__Instructions for the task__: In the entries below, find the line with "Definition vcover (S" and print exactly every line from there up to and including the line with "From mathcomp Require Import all_boot zify.", with no other lines.
------ Data for analysis ------
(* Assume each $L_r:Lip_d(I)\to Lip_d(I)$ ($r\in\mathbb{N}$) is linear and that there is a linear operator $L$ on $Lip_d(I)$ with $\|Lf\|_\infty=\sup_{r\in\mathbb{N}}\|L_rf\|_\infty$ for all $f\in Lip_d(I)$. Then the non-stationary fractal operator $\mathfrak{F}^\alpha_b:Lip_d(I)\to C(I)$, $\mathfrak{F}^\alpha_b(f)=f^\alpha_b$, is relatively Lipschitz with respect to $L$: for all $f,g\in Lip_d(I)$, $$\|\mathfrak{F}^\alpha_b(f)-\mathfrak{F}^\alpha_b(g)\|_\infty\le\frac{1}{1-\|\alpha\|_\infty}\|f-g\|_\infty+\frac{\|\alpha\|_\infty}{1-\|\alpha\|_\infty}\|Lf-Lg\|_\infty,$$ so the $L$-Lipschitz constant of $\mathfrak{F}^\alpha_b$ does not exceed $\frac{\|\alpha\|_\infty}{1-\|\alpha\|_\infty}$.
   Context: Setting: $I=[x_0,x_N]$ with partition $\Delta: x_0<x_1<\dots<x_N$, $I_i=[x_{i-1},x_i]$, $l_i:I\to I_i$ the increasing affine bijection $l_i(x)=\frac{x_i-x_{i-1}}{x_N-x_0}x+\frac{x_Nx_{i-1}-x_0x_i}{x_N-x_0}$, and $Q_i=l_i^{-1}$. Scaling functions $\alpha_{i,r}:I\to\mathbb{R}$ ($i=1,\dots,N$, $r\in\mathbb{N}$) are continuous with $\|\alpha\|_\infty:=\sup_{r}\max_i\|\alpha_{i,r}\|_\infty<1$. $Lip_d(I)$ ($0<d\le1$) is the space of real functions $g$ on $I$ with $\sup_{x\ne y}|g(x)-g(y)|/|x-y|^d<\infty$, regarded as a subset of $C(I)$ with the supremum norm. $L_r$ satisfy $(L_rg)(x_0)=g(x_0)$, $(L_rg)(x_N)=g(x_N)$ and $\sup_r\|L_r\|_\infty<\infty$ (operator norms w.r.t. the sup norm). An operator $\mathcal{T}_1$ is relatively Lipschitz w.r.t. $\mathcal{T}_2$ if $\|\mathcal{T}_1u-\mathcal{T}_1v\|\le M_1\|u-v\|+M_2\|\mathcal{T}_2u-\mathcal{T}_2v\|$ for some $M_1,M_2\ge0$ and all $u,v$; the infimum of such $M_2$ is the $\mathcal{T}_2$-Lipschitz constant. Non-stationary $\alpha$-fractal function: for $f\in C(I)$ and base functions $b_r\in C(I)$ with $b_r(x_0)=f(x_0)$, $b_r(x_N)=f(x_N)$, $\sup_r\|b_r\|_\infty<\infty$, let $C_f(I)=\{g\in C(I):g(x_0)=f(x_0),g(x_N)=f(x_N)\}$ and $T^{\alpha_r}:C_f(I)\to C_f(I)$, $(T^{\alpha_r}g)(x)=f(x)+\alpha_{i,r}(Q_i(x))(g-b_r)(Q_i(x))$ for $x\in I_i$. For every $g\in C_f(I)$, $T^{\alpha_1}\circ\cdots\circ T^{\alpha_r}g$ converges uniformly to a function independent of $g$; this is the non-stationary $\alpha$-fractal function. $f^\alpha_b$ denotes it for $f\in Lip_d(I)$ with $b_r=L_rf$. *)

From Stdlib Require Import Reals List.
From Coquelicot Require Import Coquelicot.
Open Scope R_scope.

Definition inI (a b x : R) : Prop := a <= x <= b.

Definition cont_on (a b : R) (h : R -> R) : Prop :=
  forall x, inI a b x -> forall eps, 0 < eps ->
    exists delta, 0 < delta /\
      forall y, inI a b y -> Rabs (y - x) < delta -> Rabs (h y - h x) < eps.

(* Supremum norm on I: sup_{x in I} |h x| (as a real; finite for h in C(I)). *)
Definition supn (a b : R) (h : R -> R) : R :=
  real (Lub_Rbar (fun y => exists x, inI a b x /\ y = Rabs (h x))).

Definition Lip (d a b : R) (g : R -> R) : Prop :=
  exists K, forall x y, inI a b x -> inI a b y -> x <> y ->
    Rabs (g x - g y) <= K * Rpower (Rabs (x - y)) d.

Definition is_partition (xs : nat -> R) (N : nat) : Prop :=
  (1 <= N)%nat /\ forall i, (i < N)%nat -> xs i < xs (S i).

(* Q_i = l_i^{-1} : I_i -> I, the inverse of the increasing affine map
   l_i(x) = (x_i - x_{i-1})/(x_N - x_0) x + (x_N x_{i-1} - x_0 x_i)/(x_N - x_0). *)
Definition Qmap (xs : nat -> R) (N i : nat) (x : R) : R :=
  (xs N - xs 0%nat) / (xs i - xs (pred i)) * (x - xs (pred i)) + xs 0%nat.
------
------ Data for analysis ------
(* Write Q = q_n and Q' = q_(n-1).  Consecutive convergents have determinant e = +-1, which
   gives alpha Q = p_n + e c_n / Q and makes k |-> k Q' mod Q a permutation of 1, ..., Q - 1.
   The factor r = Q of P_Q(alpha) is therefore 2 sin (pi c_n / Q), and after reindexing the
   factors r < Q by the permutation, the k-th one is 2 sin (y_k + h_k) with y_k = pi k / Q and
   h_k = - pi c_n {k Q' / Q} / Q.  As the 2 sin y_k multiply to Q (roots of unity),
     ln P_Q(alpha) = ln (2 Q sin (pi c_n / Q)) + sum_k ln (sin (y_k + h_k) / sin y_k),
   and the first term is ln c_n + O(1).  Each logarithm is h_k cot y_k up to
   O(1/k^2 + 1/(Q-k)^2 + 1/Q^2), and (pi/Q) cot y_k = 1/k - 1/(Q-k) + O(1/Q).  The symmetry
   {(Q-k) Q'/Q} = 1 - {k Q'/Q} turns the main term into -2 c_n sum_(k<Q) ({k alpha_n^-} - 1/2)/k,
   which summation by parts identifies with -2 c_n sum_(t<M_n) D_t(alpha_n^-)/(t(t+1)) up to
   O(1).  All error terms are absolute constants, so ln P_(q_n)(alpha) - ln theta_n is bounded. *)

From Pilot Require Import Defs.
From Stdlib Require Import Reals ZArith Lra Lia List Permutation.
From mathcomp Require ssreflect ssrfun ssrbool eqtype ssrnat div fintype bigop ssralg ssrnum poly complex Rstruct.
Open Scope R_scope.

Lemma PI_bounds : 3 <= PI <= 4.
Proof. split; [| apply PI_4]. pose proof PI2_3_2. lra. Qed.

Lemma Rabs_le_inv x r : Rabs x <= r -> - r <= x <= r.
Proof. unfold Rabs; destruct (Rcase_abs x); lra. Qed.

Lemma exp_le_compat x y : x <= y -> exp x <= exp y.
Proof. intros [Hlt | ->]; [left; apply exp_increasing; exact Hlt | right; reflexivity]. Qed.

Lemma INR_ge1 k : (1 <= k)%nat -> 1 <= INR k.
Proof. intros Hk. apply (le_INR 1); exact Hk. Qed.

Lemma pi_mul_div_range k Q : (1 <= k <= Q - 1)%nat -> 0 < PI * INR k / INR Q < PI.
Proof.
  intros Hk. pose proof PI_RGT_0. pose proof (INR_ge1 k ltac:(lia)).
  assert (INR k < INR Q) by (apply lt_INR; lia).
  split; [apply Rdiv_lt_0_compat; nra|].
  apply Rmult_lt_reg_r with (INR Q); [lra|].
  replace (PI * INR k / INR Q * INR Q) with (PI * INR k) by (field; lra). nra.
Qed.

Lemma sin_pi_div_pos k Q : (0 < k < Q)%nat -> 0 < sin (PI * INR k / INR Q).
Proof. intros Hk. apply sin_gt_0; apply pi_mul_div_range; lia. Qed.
------
------ Data for analysis ------
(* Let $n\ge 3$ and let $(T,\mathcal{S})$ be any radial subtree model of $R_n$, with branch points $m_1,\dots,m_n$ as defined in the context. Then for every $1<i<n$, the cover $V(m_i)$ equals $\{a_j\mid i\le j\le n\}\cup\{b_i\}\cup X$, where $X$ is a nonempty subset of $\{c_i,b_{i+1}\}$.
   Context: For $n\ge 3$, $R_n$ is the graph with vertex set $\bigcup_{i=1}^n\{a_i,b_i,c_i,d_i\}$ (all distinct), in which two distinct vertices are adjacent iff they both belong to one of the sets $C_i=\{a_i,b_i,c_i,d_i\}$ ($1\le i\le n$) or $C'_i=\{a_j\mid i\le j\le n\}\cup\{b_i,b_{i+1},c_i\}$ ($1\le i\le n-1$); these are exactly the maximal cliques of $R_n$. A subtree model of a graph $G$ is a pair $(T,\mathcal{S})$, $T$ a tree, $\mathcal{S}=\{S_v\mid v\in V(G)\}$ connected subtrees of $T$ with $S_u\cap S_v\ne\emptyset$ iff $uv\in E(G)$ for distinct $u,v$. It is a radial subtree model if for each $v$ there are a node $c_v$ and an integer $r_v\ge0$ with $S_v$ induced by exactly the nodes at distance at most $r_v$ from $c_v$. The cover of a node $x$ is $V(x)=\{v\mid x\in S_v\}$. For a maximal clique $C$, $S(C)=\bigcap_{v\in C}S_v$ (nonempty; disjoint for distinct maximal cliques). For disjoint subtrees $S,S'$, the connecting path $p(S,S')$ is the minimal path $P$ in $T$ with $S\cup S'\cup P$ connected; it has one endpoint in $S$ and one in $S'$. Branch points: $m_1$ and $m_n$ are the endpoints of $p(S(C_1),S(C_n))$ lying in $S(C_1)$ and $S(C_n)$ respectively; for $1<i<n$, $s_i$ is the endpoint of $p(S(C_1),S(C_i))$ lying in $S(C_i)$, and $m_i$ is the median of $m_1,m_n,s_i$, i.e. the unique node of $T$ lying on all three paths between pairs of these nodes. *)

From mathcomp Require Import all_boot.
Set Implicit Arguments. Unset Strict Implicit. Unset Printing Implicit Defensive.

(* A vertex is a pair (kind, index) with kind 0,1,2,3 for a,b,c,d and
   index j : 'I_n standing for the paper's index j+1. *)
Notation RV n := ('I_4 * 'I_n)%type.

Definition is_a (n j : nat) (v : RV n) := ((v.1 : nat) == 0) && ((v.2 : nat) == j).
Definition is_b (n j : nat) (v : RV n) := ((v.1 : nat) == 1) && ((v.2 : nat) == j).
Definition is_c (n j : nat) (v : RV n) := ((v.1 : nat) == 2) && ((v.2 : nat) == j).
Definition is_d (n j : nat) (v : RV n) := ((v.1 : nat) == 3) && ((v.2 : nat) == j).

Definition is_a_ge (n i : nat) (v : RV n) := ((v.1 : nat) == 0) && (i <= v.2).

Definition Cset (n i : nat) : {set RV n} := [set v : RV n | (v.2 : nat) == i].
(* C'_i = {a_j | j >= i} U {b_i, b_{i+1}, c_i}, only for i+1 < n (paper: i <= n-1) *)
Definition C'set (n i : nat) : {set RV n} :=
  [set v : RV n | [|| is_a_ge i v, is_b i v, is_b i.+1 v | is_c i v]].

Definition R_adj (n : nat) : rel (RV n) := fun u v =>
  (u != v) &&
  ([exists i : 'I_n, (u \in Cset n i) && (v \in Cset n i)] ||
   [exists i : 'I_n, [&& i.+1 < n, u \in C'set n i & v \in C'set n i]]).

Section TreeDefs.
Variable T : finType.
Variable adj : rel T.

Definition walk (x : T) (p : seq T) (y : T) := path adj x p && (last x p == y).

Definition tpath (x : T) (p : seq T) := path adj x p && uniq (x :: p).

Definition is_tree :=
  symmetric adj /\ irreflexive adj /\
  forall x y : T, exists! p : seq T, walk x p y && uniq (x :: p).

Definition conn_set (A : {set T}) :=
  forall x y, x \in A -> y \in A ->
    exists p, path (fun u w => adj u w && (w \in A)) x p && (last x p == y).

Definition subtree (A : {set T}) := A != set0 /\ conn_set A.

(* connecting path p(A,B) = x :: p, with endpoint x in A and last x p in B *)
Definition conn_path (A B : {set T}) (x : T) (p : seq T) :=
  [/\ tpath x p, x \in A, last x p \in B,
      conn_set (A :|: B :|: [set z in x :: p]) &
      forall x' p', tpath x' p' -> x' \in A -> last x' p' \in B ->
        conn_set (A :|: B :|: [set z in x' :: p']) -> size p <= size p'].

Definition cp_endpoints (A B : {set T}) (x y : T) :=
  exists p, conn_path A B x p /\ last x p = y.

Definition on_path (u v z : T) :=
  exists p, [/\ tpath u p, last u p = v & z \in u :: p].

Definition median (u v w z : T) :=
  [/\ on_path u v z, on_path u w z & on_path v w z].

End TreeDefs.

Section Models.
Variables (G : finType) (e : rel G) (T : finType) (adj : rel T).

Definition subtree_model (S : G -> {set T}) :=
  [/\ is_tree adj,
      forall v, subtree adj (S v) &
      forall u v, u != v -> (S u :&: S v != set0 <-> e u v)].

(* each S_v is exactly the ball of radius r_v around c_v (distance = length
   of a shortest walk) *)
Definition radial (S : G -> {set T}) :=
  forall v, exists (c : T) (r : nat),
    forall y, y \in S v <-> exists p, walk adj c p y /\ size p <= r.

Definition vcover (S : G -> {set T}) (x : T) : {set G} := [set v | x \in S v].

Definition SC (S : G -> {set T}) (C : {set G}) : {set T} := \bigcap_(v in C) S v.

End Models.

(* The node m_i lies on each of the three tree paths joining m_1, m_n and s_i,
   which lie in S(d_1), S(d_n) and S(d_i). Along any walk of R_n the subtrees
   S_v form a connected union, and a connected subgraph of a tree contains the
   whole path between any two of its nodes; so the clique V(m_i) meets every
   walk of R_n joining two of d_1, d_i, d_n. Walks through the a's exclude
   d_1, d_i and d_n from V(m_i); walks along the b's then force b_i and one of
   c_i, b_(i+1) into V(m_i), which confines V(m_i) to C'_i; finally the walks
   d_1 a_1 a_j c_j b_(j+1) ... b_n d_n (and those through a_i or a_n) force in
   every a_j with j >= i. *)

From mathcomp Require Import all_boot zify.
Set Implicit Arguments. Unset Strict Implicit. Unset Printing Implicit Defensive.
------
__Task solution__:
Definition vcover (S : G -> {set T}) (x : T) : {set G} := [set v | x \in S v].

Definition SC (S : G -> {set T}) (C : {set G}) : {set T} := \bigcap_(v in C) S v.

End Models.

(* The node m_i lies on each of the three tree paths joining m_1, m_n and s_i,
   which lie in S(d_1), S(d_n) and S(d_i). Along any walk of R_n the subtrees
   S_v form a connected union, and a connected subgraph of a tree contains the
   whole path between any two of its nodes; so the clique V(m_i) meets every
   walk of R_n joining two of d_1, d_i, d_n. Walks through the a's exclude
   d_1, d_i and d_n from V(m_i); walks along the b's then force b_i and one of
   c_i, b_(i+1) into V(m_i), which confines V(m_i) to C'_i; finally the walks
   d_1 a_1 a_j c_j b_(j+1) ... b_n d_n (and those through a_i or a_n) force in
   every a_j with j >= i. *)

From mathcomp Require Import all_boot zify.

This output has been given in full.